(Data excerpts)
_ _ _ _
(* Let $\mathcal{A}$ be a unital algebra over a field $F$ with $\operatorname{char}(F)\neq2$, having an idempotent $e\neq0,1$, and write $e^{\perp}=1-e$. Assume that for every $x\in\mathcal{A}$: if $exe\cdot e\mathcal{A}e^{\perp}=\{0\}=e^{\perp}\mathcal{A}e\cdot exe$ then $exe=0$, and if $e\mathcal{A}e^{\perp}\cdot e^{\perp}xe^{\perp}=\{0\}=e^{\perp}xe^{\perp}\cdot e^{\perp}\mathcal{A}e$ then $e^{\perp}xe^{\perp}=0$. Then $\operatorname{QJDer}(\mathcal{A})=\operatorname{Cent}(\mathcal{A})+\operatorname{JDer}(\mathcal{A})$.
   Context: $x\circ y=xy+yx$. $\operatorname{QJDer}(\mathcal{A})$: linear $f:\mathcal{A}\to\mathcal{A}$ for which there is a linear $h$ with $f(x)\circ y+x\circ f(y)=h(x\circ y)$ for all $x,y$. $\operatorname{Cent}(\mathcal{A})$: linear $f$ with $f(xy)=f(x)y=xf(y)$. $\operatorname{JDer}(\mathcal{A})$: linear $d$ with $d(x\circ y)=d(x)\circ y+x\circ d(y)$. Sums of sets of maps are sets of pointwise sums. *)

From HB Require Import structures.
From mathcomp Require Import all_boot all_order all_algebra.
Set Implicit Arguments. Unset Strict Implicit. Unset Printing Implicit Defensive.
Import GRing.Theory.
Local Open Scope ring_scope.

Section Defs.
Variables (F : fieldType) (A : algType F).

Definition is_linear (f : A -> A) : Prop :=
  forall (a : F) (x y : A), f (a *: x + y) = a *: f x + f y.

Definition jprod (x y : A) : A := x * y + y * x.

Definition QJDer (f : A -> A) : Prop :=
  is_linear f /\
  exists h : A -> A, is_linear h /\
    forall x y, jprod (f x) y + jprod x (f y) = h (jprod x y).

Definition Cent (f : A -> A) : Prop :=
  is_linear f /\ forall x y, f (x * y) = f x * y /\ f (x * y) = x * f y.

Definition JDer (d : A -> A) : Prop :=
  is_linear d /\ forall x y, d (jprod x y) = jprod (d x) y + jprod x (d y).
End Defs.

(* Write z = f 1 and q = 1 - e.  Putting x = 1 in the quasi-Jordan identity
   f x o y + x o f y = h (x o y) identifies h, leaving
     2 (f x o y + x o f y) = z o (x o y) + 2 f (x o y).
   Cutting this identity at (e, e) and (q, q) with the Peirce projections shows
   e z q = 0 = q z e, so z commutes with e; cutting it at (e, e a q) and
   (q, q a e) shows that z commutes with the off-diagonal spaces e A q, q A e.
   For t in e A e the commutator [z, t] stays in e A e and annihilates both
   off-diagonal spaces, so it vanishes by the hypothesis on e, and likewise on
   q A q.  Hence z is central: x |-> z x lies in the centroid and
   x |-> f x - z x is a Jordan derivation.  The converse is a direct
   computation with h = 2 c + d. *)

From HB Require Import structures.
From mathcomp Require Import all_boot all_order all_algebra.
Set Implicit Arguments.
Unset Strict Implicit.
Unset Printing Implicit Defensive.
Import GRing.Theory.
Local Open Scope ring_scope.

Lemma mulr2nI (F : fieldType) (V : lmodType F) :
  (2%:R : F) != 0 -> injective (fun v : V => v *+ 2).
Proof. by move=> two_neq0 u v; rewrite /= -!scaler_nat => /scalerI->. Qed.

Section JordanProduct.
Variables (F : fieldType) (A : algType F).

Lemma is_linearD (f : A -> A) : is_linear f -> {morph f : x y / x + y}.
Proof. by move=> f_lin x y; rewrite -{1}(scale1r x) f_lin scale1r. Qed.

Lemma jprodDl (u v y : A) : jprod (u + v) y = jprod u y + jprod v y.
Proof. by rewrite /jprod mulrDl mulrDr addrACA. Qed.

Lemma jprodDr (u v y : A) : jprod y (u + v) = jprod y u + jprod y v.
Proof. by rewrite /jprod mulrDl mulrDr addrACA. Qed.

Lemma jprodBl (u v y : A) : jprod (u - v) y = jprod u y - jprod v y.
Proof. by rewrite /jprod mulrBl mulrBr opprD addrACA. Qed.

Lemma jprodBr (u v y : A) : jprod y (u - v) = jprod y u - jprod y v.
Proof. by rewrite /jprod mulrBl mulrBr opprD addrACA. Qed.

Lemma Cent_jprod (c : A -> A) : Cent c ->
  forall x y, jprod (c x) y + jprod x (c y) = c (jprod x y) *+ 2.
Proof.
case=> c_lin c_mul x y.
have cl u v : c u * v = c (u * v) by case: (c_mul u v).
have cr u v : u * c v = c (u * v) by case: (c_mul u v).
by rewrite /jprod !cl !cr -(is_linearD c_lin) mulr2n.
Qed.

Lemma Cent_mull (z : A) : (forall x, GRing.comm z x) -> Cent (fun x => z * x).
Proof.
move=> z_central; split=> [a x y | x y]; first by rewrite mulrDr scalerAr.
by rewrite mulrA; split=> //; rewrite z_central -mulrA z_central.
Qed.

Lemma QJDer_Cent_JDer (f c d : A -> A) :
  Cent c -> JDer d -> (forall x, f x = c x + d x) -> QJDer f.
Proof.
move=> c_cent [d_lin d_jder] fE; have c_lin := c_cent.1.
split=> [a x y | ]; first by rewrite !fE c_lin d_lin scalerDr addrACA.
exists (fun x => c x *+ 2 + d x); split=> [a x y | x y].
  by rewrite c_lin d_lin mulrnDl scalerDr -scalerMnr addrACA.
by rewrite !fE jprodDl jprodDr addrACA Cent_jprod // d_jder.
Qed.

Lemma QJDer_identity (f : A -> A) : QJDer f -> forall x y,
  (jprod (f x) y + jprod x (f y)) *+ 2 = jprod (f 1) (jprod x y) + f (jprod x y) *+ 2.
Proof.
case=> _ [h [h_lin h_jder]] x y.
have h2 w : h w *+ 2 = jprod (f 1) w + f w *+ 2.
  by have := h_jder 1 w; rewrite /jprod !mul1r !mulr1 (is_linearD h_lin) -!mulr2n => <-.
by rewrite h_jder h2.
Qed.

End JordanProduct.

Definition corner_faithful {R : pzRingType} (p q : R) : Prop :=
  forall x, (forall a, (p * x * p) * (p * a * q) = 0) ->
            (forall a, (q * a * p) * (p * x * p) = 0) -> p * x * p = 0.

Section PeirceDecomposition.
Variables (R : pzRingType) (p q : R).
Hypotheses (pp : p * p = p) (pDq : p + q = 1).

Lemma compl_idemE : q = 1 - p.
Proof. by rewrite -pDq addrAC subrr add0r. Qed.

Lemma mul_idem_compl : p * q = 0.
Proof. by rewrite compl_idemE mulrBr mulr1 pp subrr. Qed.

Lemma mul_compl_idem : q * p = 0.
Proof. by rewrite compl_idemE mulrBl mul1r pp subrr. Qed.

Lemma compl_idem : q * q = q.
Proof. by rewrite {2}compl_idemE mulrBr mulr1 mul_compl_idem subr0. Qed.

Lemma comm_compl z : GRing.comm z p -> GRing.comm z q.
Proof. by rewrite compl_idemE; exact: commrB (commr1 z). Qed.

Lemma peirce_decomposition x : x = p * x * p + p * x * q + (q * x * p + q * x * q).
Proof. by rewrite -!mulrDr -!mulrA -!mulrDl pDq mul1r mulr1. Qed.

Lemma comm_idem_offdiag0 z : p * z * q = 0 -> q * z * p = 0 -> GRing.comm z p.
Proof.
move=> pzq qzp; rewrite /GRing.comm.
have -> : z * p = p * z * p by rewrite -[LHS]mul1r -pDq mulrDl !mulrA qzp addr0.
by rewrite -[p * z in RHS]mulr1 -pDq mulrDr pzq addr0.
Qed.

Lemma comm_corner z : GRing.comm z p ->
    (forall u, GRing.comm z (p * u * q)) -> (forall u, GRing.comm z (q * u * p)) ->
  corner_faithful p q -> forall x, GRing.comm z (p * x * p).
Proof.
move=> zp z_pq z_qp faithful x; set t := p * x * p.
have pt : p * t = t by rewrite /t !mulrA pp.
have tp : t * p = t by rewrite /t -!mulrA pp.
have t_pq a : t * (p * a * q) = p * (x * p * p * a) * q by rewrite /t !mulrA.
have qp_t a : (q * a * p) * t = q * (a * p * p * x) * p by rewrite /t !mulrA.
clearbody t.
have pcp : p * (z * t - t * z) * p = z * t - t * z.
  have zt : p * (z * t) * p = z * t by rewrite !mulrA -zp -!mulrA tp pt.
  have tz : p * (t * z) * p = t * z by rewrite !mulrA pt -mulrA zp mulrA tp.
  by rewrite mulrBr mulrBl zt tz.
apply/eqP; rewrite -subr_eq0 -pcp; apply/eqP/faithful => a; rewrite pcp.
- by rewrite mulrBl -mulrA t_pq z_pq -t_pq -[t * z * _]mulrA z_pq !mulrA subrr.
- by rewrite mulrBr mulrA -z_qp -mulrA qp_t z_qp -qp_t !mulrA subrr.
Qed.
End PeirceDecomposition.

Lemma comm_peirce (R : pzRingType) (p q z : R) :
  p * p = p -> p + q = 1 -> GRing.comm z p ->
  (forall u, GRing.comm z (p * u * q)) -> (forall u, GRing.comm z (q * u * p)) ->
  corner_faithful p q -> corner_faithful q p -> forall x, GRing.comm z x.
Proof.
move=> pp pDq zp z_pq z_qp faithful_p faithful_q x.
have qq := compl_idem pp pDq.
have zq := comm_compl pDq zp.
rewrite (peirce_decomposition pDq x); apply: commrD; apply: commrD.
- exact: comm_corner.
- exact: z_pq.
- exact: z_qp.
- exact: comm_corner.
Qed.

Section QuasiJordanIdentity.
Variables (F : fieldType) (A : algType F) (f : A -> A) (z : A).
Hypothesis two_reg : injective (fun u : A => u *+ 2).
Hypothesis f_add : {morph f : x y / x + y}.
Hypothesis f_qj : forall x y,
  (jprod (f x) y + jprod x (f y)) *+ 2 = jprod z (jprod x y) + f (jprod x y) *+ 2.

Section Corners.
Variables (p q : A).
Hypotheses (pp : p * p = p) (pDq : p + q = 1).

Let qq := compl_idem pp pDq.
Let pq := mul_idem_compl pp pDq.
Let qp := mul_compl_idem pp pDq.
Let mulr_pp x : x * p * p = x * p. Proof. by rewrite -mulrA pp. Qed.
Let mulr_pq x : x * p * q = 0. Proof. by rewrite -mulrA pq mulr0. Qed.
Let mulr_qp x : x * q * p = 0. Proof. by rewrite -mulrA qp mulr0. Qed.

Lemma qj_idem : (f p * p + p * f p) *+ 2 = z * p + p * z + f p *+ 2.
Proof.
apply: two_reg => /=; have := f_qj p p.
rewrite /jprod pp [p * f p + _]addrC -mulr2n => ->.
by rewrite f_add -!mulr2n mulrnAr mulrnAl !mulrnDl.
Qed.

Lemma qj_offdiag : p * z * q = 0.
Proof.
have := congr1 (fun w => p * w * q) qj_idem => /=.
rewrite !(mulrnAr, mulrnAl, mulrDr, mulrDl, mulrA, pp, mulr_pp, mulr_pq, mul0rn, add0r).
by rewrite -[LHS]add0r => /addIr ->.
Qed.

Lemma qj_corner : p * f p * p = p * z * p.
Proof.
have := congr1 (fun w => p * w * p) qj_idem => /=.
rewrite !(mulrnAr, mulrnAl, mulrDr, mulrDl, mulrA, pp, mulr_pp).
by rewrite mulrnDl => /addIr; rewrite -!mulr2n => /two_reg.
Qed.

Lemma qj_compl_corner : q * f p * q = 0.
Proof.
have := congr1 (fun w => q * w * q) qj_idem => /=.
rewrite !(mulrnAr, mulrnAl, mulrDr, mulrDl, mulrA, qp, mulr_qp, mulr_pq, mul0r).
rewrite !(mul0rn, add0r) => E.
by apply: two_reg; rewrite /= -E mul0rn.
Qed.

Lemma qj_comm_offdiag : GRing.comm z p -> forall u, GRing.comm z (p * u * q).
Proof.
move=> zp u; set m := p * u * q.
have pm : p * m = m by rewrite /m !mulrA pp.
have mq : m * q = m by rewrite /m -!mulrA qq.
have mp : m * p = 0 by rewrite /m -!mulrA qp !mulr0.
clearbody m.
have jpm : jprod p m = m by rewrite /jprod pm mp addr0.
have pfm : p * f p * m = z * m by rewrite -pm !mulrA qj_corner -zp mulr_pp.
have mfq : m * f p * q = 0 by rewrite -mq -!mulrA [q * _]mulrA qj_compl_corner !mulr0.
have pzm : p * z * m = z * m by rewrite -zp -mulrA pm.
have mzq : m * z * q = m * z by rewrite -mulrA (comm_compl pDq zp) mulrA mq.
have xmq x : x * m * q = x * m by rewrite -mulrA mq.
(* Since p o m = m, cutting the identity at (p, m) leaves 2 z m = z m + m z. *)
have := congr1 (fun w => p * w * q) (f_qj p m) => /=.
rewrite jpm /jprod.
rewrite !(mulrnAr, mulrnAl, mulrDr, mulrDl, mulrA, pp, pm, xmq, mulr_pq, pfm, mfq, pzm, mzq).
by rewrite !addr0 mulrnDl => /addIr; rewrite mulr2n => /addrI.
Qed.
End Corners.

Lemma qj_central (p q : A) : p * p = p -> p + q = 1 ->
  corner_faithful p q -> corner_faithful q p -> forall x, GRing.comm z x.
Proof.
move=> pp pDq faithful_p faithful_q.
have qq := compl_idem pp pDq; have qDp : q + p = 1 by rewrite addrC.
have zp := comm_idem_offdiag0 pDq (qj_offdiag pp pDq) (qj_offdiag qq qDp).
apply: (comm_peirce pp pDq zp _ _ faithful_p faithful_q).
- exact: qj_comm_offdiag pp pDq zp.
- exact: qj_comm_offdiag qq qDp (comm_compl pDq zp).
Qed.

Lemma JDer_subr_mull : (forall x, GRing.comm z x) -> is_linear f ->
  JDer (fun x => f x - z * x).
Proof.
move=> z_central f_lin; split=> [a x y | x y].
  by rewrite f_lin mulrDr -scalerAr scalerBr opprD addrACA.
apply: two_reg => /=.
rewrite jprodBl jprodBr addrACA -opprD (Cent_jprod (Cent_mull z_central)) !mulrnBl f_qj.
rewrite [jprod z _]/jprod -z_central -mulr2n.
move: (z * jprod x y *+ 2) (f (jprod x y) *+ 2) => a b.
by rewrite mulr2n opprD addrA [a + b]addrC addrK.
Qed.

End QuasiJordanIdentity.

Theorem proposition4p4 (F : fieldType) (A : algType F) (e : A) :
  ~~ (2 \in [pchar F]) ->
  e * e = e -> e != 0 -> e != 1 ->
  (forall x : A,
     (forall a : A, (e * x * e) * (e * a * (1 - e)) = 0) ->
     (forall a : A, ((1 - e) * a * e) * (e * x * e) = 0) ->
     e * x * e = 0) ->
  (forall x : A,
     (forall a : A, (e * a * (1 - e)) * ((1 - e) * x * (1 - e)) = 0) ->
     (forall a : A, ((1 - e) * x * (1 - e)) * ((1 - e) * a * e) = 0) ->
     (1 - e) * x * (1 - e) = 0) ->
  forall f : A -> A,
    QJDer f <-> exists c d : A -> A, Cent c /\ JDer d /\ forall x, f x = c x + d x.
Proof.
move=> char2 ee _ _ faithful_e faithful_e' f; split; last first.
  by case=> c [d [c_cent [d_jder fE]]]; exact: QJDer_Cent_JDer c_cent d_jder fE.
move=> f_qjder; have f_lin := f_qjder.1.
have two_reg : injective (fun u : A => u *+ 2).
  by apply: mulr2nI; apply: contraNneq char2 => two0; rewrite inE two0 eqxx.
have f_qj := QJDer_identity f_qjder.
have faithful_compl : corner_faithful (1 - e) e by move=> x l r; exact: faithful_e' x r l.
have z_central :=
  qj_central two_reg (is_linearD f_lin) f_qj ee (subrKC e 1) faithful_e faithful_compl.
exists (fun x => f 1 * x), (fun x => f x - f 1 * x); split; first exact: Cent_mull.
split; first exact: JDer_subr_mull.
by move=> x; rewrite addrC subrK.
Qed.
_ _ _ _
To do >> Transcribe the lines above between the line holding "Lemma QJDer_Cent_JDer (f" and the line holding "case=> _ [h [h_lin h_jder]] x y.", inclusive, exactly as they stand and with nothing added.

Solution for this task >>
Lemma QJDer_Cent_JDer (f c d : A -> A) :
  Cent c -> JDer d -> (forall x, f x = c x + d x) -> QJDer f.
Proof.
move=> c_cent [d_lin d_jder] fE; have c_lin := c_cent.1.
split=> [a x y | ]; first by rewrite !fE c_lin d_lin scalerDr addrACA.
exists (fun x => c x *+ 2 + d x); split=> [a x y | x y].
  by rewrite c_lin d_lin mulrnDl scalerDr -scalerMnr addrACA.
by rewrite !fE jprodDl jprodDr addrACA Cent_jprod // d_jder.
Qed.

Lemma QJDer_identity (f : A -> A) : QJDer f -> forall x y,
  (jprod (f x) y + jprod x (f y)) *+ 2 = jprod (f 1) (jprod x y) + f (jprod x y) *+ 2.
Proof.
case=> _ [h [h_lin h_jder]] x y.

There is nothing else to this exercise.